May 28, 2015

 

By Terri Vermeulen Keith 

City News Service 

 

A man who fatally shot a 5-year-old boy wearing a Spider-Man costume in South Los Angeles on Halloween of 2010 was convicted this week of murder. Leonard Hall Jr., 26, was also convicted of two counts of attempted murder for wounding the boy’s grandfather and uncle during the shooting. Hall is set to be sentenced July 21.

 

Two previous trials of Hall ended with deadlocked juries. Prosecutors argued during the latest  trial that Hall was seeking retaliation against a rival gang when he opened fire, killing Aaron Shannon Jr. But Hall’s attorney argued that detectives pushed members of the victim’s family to identify her client as the shooter. Aaron and his relatives were in the backyard of the family's home in the 1000 block of East 84th Street in South Los Angeles when the gunfire erupted around 2 p.m. Oct. 31, 2010.

 

Deputy District Attorney Sarika Kim said Hall was a gang member who went by the nickname “Baby Skull.” Kim told jurors that both Hall and his father had previously been shot by members of a rival gang and that an older gang member had told Hall to “scope out the territory.”

 

Kim said Hall and another alleged gang member, Marcus Denson, went into rival territory in the midst of a gang war and passed behind the family’s backyard. Hall stopped in the alley and circled back once they’d passed the yard, returning to shoot the boy and his two relatives, who had no gang affiliations, Kim said. Four witnesses — an accomplice and the boy’s grandfather, uncle and a family friend — identified Hall as the gunman and corroborated details of the shooting, Kim said. The child’s father said he could not pick out the shooter from the photos he was shown by police.

 

Denson was charged along with Hall and earlier pleaded guilty to voluntary manslaughter and two counts of attempted murder.
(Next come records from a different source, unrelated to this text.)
Lemma analytic_at_const (k x0 : R) : analytic_at (fun _ => k) x0.
Proof.
  apply (analytic_at_ext (fun x => k + 0 * (x - x0))); [intro; ring | apply analytic_at_affine].
Qed.

Lemma analytic_at_id (x0 : R) : analytic_at (fun x => x) x0.
Proof.
  apply (analytic_at_ext (fun x => x0 + 1 * (x - x0))); [intro; ring | apply analytic_at_affine].
Qed.

Section AnalyticOperations.
Variables (f g : R -> R) (x0 : R).
Hypotheses (Hf : analytic_at f x0) (Hg : analytic_at g x0).

Lemma analytic_at_common_radius :
  exists a b r, 0 < r /\ pseries_on f x0 a r /\ pseries_on g x0 b r.
Proof.
  destruct Hf as [a [ra [Hra Ha]]], Hg as [b [rb [Hrb Hb]]].
  exists a, b, (Rmin ra rb); assert (0 < Rmin ra rb) by (apply Rmin_glb_lt; auto).
  split; [|split]; auto.
  - apply (pseries_on_radius_le f x0 a ra); auto; split; [lra | apply Rmin_l].
  - apply (pseries_on_radius_le g x0 b rb); auto; split; [lra | apply Rmin_r].
Qed.

Lemma analytic_at_plus : analytic_at (fun x => f x + g x) x0.
Proof.
  destruct analytic_at_common_radius as [a [b [r [Hr [[Ea Ha] [Eb Hb]]]]]].
  exists (fun n => a n + b n), r; split; [auto | split].
  - destruct Ea as [la Hla], Eb as [lb Hlb].
    apply (ex_series_le_Rabs _ (fun n => Rabs (a n) * r ^ n + Rabs (b n) * r ^ n)).
    + intro n; assert (0 <= r ^ n) by (apply pow_le; lra).
      rewrite Rabs_pos_eq, <- Rmult_plus_distr_r.
      * apply Rmult_le_compat_r; [auto | apply Rabs_triang].
      * apply Rmult_le_pos; [apply Rabs_pos | auto].
    + eexists; apply (is_series_plus _ _ la lb); auto.
  - intros y Hy; apply (is_series_ext (fun n => a n * y ^ n + b n * y ^ n)).
    { intro n; symmetry; apply Rmult_plus_distr_r. }
    apply (is_series_plus _ _ _ _ (Ha y Hy) (Hb y Hy)).
Qed.

Lemma analytic_at_mult : analytic_at (fun x => f x * g x) x0.
Proof.
  destruct analytic_at_common_radius as [a [b [r [Hr [[Ea Ha] [Eb Hb]]]]]].
  assert (Hr_abs : Rabs r <= r) by (rewrite Rabs_pos_eq; lra).
  exists (PS_mult a b), r; split; [auto | split].
  - apply (ex_series_le_Rabs _ (fun n => Rabs (PS_mult a b n * r ^ n))).
    + intro n; rewrite !Rabs_mult, Rabs_Rabsolu, (Rabs_pos_eq (r ^ n)) by (apply pow_le; lra); lra.
    + apply ex_series_abs_PS_mult; apply (ex_series_abs_term _ r); auto.
  - intros y Hy; apply is_series_PS_mult; auto; apply (ex_series_abs_term _ r); auto.
Qed.
Lemma nonzero_residues_perm (l : seq nat) :
  perm_eq (nonzero_part q (residues l)) (mu_of q (rvec q l)).
Proof.
apply/allP => v _; rewrite /= count_mu_of /nonzero_part count_filter count_map /rj.
have [/andP[v_gt0 v_ltq]|v_out] := boolP (0 < v < q).
  rewrite mul1n; apply/eqP/eq_count => x /=.
  by case: eqP => [->|] //=; rewrite gtnNdvd.
rewrite mul0n -leqn0 leqNgt -has_count; apply/hasPn => x _ /=.
apply/negP => /andP[/eqP xv nd]; move: v_out; apply/negP/negPn.
by rewrite -xv ltn_pmod // andbT lt0n; apply: contraNneq nd => ->; rewrite dvdn0.
Qed.

Lemma zero_count_residues (l : seq nat) : zero_count q (residues l) = rj q l 0.
Proof. by rewrite /zero_count /rj count_map; apply: eq_count => x /=; rewrite /dvdn modn_mod. Qed.

Lemma rj0_size_mu_of (l : seq nat) : rj q l 0 + size (mu_of q (rvec q l)) = size l.
Proof.
by rewrite -zero_count_residues -(perm_size (nonzero_residues_perm l))
  zero_count_nonzero_part size_map.
Qed.

Lemma count_qcumulative (s : seq nat) :
  count (qcumulative q) (permutations s) = (s != [::]) * arrangements q 0 s.
Proof.
case: s => [|y s] //; rewrite mul1n /arrangements; apply: eq_in_count => t.
rewrite mem_permutations => /perm_size; rewrite /qcumulative.
by case: t => // z t _; rewrite /offset_free.
Qed.

Lemma cq_labelled (l : seq nat) : is_composition l -> l != [::] ->
  cq q l * \prod_(1 <= s < (sumn l).+1) (nmult l s)`! = lcount q 0 (residues l).
Proof.
move=> l_pos l_ne; rewrite /cq /rearrangements count_qcumulative l_ne mul1n.
have -> : \prod_(1 <= s < (sumn l).+1) (nmult l s)`! = labellings (sumn l).+1 l.
  rewrite /labellings [RHS]big_ltn // (count_memPn _) ?mul1n //.
  by apply/negP => /(allP l_pos).
rewrite (@arrangements_labelled q (sumn l).+1 (size l)) //; last by apply/allP => x /mem_leq_sumn.
by rewrite -labelled_residues /lcount size_map.
Qed.
Lemma mem_layer b j hi lo n i p :
  p \in layer b j hi lo i n <->
  exists x s, (forall m, i <= m < i + n ->
                 lo m <= x m <= hi m /\ fits (s m) (hi m - x m) (x m - lo m)) /\
     p = (map x (iota i n), flatten [seq xmon b m j (s m) | m <- iota i n]).
Proof.
elim: n i p => [|n IHn] i p /=.
  split=> [|[x [s [_ ->]]]]; last by rewrite mem_seq1.
  rewrite mem_seq1 => /eqP ->.
  by exists (fun=> 0), (fun=> [::]); split=> // m; lia.
split.
  case/allpairsPdep => c [q [/mem_entry_choices c_ok /IHn [x [s [row_ok ->]]] ->]].
  exists (fun m => if m == i then c.1 else x m), (fun m => if m == i then c.2 else s m).
  split=> [m m_in|].
    by case: eqP => [-> //|/eqP m_ne_i]; apply: row_ok; lia.
  rewrite /= eqxx; congr (_ :: _, _ ++ flatten _); apply/eq_in_map => m;
    by rewrite mem_iota => m_in; have -> : (m == i) = false by lia.
case=> x [s [row_ok ->]]; apply/allpairsPdep.
exists (x i, s i), (map x (iota i.+1 n), flatten [seq xmon b m j (s m) | m <- iota i.+1 n]).
split=> //; first by apply/mem_entry_choices; apply: row_ok; lia.
by apply/IHn; exists x, s; split=> // m m_in; apply: row_ok; lia.
Qed.

Lemma uniq_layer b j hi lo n i : uniq (layer b j hi lo i n).
Proof.
elim: n i => [|n IHn] i //=.
apply: allpairs_uniq => [|//|]; first exact: uniq_entry_choices.
move=> [c p] [c' p'] /allpairsP [[c1 p1] [/mem_entry_choices [_ [size1 _]] _ [-> ->]]].
move=> /allpairsP [[c2 p2] [/mem_entry_choices [_ [size2 _]] _ [-> ->]]] /= [x12 p12].
move/eqP; rewrite eqseq_cat ?size_map ?size1 ?size2 ?x12 // => /andP [/eqP s12 /eqP w12].
have {}s12 : c1.2 = c2.2 by apply: inj_map s12 => e e' [].
clear size1 size2; move: c1 c2 p1 p2 x12 s12 p12 w12.
by move=> [? ?] [? ?] [? ?] [? ?] /= -> -> -> ->.
Qed.

Lemma count_letter_i_xmon b i j s m :
  count (fun l => letter_i l == m) (xmon b i j s) = if i == m then size s else 0.
Proof. by elim: s => [|e s IHs] /=; [|rewrite IHs]; case: (i == m). Qed.

Lemma count_letter_i_flatten b j (s : nat -> seq nat) n i m :
  count (fun l => letter_i l == m) (flatten [seq xmon b k j (s k) | k <- iota i n])
  = if i <= m < i + n then size (s m) else 0.
Proof.
elim: n i => [|n IHn] i /=; first by case: ifP => //; lia.
rewrite count_cat count_letter_i_xmon IHn.
case: (i =P m) => [<-|ne]; first by rewrite leqnn addnS ltnS leq_addr ltnn addn0.
by rewrite add0n; congr (if _ then _ else _); lia.
Qed.

Lemma layer_word_inj b j hi lo n i : {in layer b j hi lo i n &, injective snd}.
Proof.
move=> p p' /mem_layer [x [s [row_ok ->]]] /mem_layer [x' [s' [row_ok' ->]]] /= words_eq.
congr pair => //; apply/eq_in_map => m; rewrite mem_iota => m_in.
(* The word has hi m - x m letters x_(m, j). *)
have := congr1 (count (fun l => letter_i l == m)) words_eq.
have [x_le [size_s _]] := row_ok m m_in; have [x_le' [size_s' _]] := row_ok' m m_in.
by rewrite !count_letter_i_flatten m_in size_s size_s'; lia.
Qed.

Lemma all_layer_letters b j hi lo n i p :
  p \in layer b j hi lo i n ->
  all (fun l => (letter_bar l == b) && (letter_j l == j)) p.2.
Proof.
case/mem_layer => x [s [_ ->]]; apply/allP => l /flattenP [w /mapP [k _ ->]].
by case/mapP => e _ ->; rewrite /= !eqxx.
Qed.

Definition nth1 (xs : seq nat) (m : nat) : nat := nth 0 xs m.-1.

Lemma nth1_map_iota x k m : 1 <= m <= k -> nth1 (map x (iota 1 k)) m = x m.
Proof.
move=> m_in; rewrite /nth1 (nth_map 0) ?size_iota ?nth_iota; try lia.
by congr x; lia.
Qed.

Lemma layer_bounds b j hi lo k p :
  p \in layer b j hi lo 1 k -> forall m, 1 <= m <= k -> lo m <= nth1 p.1 m <= hi m.
Proof.
case/mem_layer => x [s [row_ok ->]] m m_in.
have /row_ok [] : 1 <= m < 1 + k by lia.
by rewrite nth1_map_iota.
Qed.

Section LayerSums.

Variable R : comPzSemiRingType.
Local Open Scope ring_scope.

Lemma sum_entry_choices hi lo (f : nat -> R) :
  \sum_(c <- entry_choices hi lo) f c.1 =
  \sum_(x <- iota lo (hi.+1 - lo)) f x *+ 'C(hi - lo, hi - x).
Proof.
rewrite big_allpairs_dep /=; apply: eq_big_seq => x /[!mem_iota] x_in.
rewrite big_const_seq count_predT iter_addr_0 size_sorted_seqs.
by congr (_ *+ 'C(_, _)); lia.
Qed.

Lemma binomial_iota (p q : R) lo hi : (lo <= hi)%N ->
  \sum_(x <- iota lo (hi.+1 - lo)) (p ^+ (x - lo) * q ^+ (hi - x)) *+ 'C(hi - lo, hi - x)
  = (p + q) ^+ (hi - lo).
Proof.
move=> lo_hi; have -> : (hi.+1 - lo = (hi - lo).+1)%N by lia.
have -> : hi = (lo + (hi - lo))%N by lia.
move: (hi - lo)%N => d; rewrite addKn -[lo]addn0 iotaDl big_map addn0.
rewrite addrC exprDn; change (iota 0 d.+1) with (index_iota 0 d.+1).
rewrite big_mkord; apply: eq_bigr => k _.
have := ltn_ord k; rewrite ltnS => k_le.
by rewrite addKn subnDl bin_sub // mulrC.
Qed.

Lemma sum_layer_prod b j hi lo (phi : nat -> nat -> R) n i :
  \sum_(p <- layer b j hi lo i n) \prod_(m < n) phi (i + m)%N (nth 0%N p.1 m)
  = \prod_(m < n) \sum_(c <- entry_choices (hi (i + m)%N) (lo (i + m)%N)) phi (i + m)%N c.1.
Proof.
elim: n i => [|n IHn] i /=; first by rewrite big_seq1 !big_ord0.
rewrite big_allpairs_dep big_ord_recl addn0.
under [X in _ = _ * X]eq_bigr => m _ do rewrite /bump /= addnS -addSn.
rewrite -IHn big_distrl; apply: eq_bigr => c _; rewrite big_distrr.
apply: eq_bigr => p _; rewrite big_ord_recl /= addn0; congr (_ * _).
by apply: eq_bigr => m _; rewrite /bump /= addnS -addSn.
Qed.

Definition prod_gaps (a : nat -> R) (k : nat) (x : nat -> nat) : R :=
  \prod_(m < k) a m.+1 ^+ (x m.+1 - (if m.+1 == k then 0 else x m.+2)).

Lemma prod_gaps_split (a : nat -> R) k (x hi lo : nat -> nat) :
  a 0%N = 1 ->
  (forall m, (1 <= m < k)%N -> lo m = hi m.+1) ->
  (forall m, (1 <= m <= k)%N -> lo m <= x m <= hi m)%N ->
  prod_gaps a k x =
  a k ^+ lo k * \prod_(m < k) (a m.+1 ^+ (x m.+1 - lo m.+1) * a m ^+ (hi m.+1 - x m.+1)).
Proof.
move=> a0 lo_hi x_in; case: k lo_hi x_in => [|k] lo_hi x_in.
  by rewrite /prod_gaps !big_ord0 a0 expr1n mulr1.
have gapE (m : 'I_k.+1) :
    a m.+1 ^+ (x m.+1 - (if m.+1 == k.+1 then 0 else x m.+2)) =
    a m.+1 ^+ (x m.+1 - lo m.+1) * a m.+1 ^+ (lo m.+1 - (if m.+1 == k.+1 then 0 else x m.+2)).
  rewrite -exprD; congr (_ ^+ _); have := ltn_ord m; have := x_in m.+1.
  case: eqP => [_|ne] x_m m_lt; first by lia.
  by have := x_in m.+2; have := lo_hi m.+1; lia.
rewrite /prod_gaps (eq_bigr _ (fun m _ => gapE m)) !big_split /= mulrCA; congr (_ * _).
rewrite big_ord_recr /= eqxx subn0 [in RHS]big_ord_recl /= a0 expr1n mul1r mulrC.
congr (_ * _); apply: eq_bigr => m _; have m_lt := ltn_ord m.
by rewrite /bump /= ifN_eq ?lo_hi //; lia.
Qed.

Lemma sum_layer_prod_gaps b j hi lo k (a : nat -> R) :
  a 0%N = 1 ->
  (forall m, (1 <= m < k)%N -> lo m = hi m.+1) ->
  (forall m, (1 <= m <= k)%N -> lo m <= hi m)%N ->
  \sum_(p <- layer b j hi lo 1 k) prod_gaps a k (nth1 p.1) =
  a k ^+ lo k * \prod_(m < k) (a m.+1 + a m) ^+ (hi m.+1 - lo m.+1).
Proof.
move=> a0 lo_hi lo_le_hi.
pose phi i v := a i ^+ (v - lo i) * a i.-1 ^+ (hi i - v).
transitivity (\sum_(p <- layer b j hi lo 1 k)
                a k ^+ lo k * \prod_(m < k) phi (1 + m)%N (nth 0%N p.1 m)).
  rewrite !big_seq; apply: eq_bigr => p p_in.
  by rewrite (prod_gaps_split a0 lo_hi) //; exact: layer_bounds p_in.
rewrite -mulr_sumr sum_layer_prod; congr (_ * _); apply: eq_bigr => m _.
have m_lt := ltn_ord m.
by rewrite sum_entry_choices -binomial_iota ?lo_le_hi //; lia.
Qed.

End LayerSums.

Lemma has_card_ext (P Q : word -> Prop) c :
  (forall w, P w <-> Q w) -> has_card P c -> has_card Q c.
Proof. by move=> PQ [s [uniq_s [Ps size_s]]]; exists s; split=> //; split=> // w; rewrite -PQ. Qed.

Lemma has_card_image (Q : word -> Prop) c (f : word -> word) :
  injective f -> has_card Q c -> has_card (fun w => exists2 u, Q u & w = f u) c.
Proof.
move=> inj_f [s [uniq_s [Qs size_s]]]; exists (map f s); rewrite map_inj_uniq // size_map.
split=> //; split=> // w; split=> [[u /Qs u_s ->]|/mapP [u /Qs Qu ->]]; last by exists u.
exact: map_f.
Qed.

Lemma has_card_union (I : eqType) (L : seq I) (P : I -> word -> Prop) (c : I -> int) :
  uniq L ->
  (forall p q w, p \in L -> q \in L -> P p w -> P q w -> p = q) ->
  (forall p, p \in L -> has_card (P p) (c p)) ->
  has_card (fun w => exists2 p, p \in L & P p w) (\sum_(p <- L) c p)%R.
Proof.
elim: L => [|p L IHL] /=.
  by exists [::]; rewrite big_nil; split=> //; split=> // w; split=> // -[].
case/andP => p_notin_L uniq_L disj card_P.
have [||s [uniq_s [Ls size_s]]] := IHL uniq_L.
- by move=> q q' w qL q'L; apply: disj; rewrite inE ?qL ?q'L orbT.
- by move=> q qL; apply: card_P; rewrite inE qL orbT.
have [sp [uniq_sp [Psp size_sp]]] := card_P p (mem_head p L).
exists (sp ++ s); rewrite cat_uniq uniq_sp uniq_s size_cat PoszD size_sp size_s big_cons.
split; last split=> // w.
  rewrite andbT; apply/hasPn => w /Ls [q qL Pqw]; apply/negP => /Psp Ppw.
  by move: p_notin_L; rewrite (disj p q w) ?inE ?eqxx ?qL ?orbT.
rewrite mem_cat; split=> [[q] /[!inE] /orP [/eqP -> /Psp -> // | qL Pqw] | ].
  by apply/orP; right; apply/Ls; exists q.
case/orP => [/Psp Ppw | /Ls [q qL Pqw]]; first by exists p; rewrite ?mem_head.
by exists q; rewrite // inE qL orbT.
Qed.

Lemma catIs (T : Type) : left_injective (@cat T).
Proof.
move=> t u v uv_eq; have size_uv : size u = size v.
  by move/(congr1 size): uv_eq; rewrite !size_cat => /addIn.
by rewrite -(take_size_cat t size_uv) uv_eq take_size_cat.
Qed.

Lemma filter_cat_tail (T : eqType) (a : pred T) u t :
  all (predC a) u -> all a t -> filter a (u ++ t) = t.
Proof.
by rewrite all_predC has_filter negbK filter_cat => /eqP -> /all_filterP ->.
Qed.

Definition layered (Q : (nat -> nat) -> word -> Prop) (L : seq (seq nat * word))
  (w : word) : Prop :=
  exists2 p, p \in L & exists2 u, Q (nth1 p.1) u & w = u ++ p.2.

Lemma has_card_layered (Q : (nat -> nat) -> word -> Prop) (L : seq (seq nat * word))
    (c : seq nat -> int) (last_letter : pred letter) :
  uniq L -> {in L &, injective snd} ->
  (forall p, p \in L -> all last_letter p.2) ->
  (forall f u, Q f u -> all (predC last_letter) u) ->
  (forall p, p \in L -> has_card (Q (nth1 p.1)) (c p.1)) ->
  has_card (layered Q L) (\sum_(p <- L) c p.1)%R.
Proof.
move=> uniq_L inj_L last_L inner_Q card_Q.
apply: has_card_union => // [p q w pL qL [u Qu ->] [v Qv]|p pL].
  have tail_p := filter_cat_tail (inner_Q _ _ Qu) (last_L p pL).
  have tail_q := filter_cat_tail (inner_Q _ _ Qv) (last_L q qL).
  by move/(congr1 (filter last_letter)); rewrite tail_p tail_q; apply: inj_L.
exact/has_card_image/card_Q/pL/catIs.
Qed.

Lemma Bhalf_bound_eq r f g w :
  (forall i, 1 <= i <= r -> f i = g i) -> Bhalf r f w -> Bhalf r g w.
Proof.
move=> fg [lam [eta [sb [sn [[top rows] rest]]]]].
by exists lam, eta, sb, sn; split=> //; split=> // i i_in; rewrite -fg ?top.
Qed.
He told police when he was arrested that Hall was with him in the alley behind the boy’s house and was the gunman. Defense attorney Carol Ojo said the prosecution’s case relied on the eyewitnesses because there is “absolutely no physical or forensic evidence” of her client's involvement.

 

Ojo said “the police were under pressure” to solve the high-profile case. One detective in particular “overstepped his bounds,” and guided witnesses, uncertain and shaken in the wake of the shooting, to pick Hall’s face out of a photo array of suspects, Ojo told jurors. Ojo said Denson, who is awaiting sentencing, was “a liar, a thief and a manipulator” who originally told a friend that he was in the neighborhood with two other men before the shooting. One of those men was detained by police because he matched the description of the shooter and was identified by another witness as running from the scene, but police ruled him out without including him in any photo array or line-up, Ojo said.

 

In her rebuttal, the deputy district attorney urged jurors not to “accept Ms. Ojo’s invitation to speculate,” telling the panel that the defense attorney would have them believe that all four witnesses who identified Hall were co-conspirators.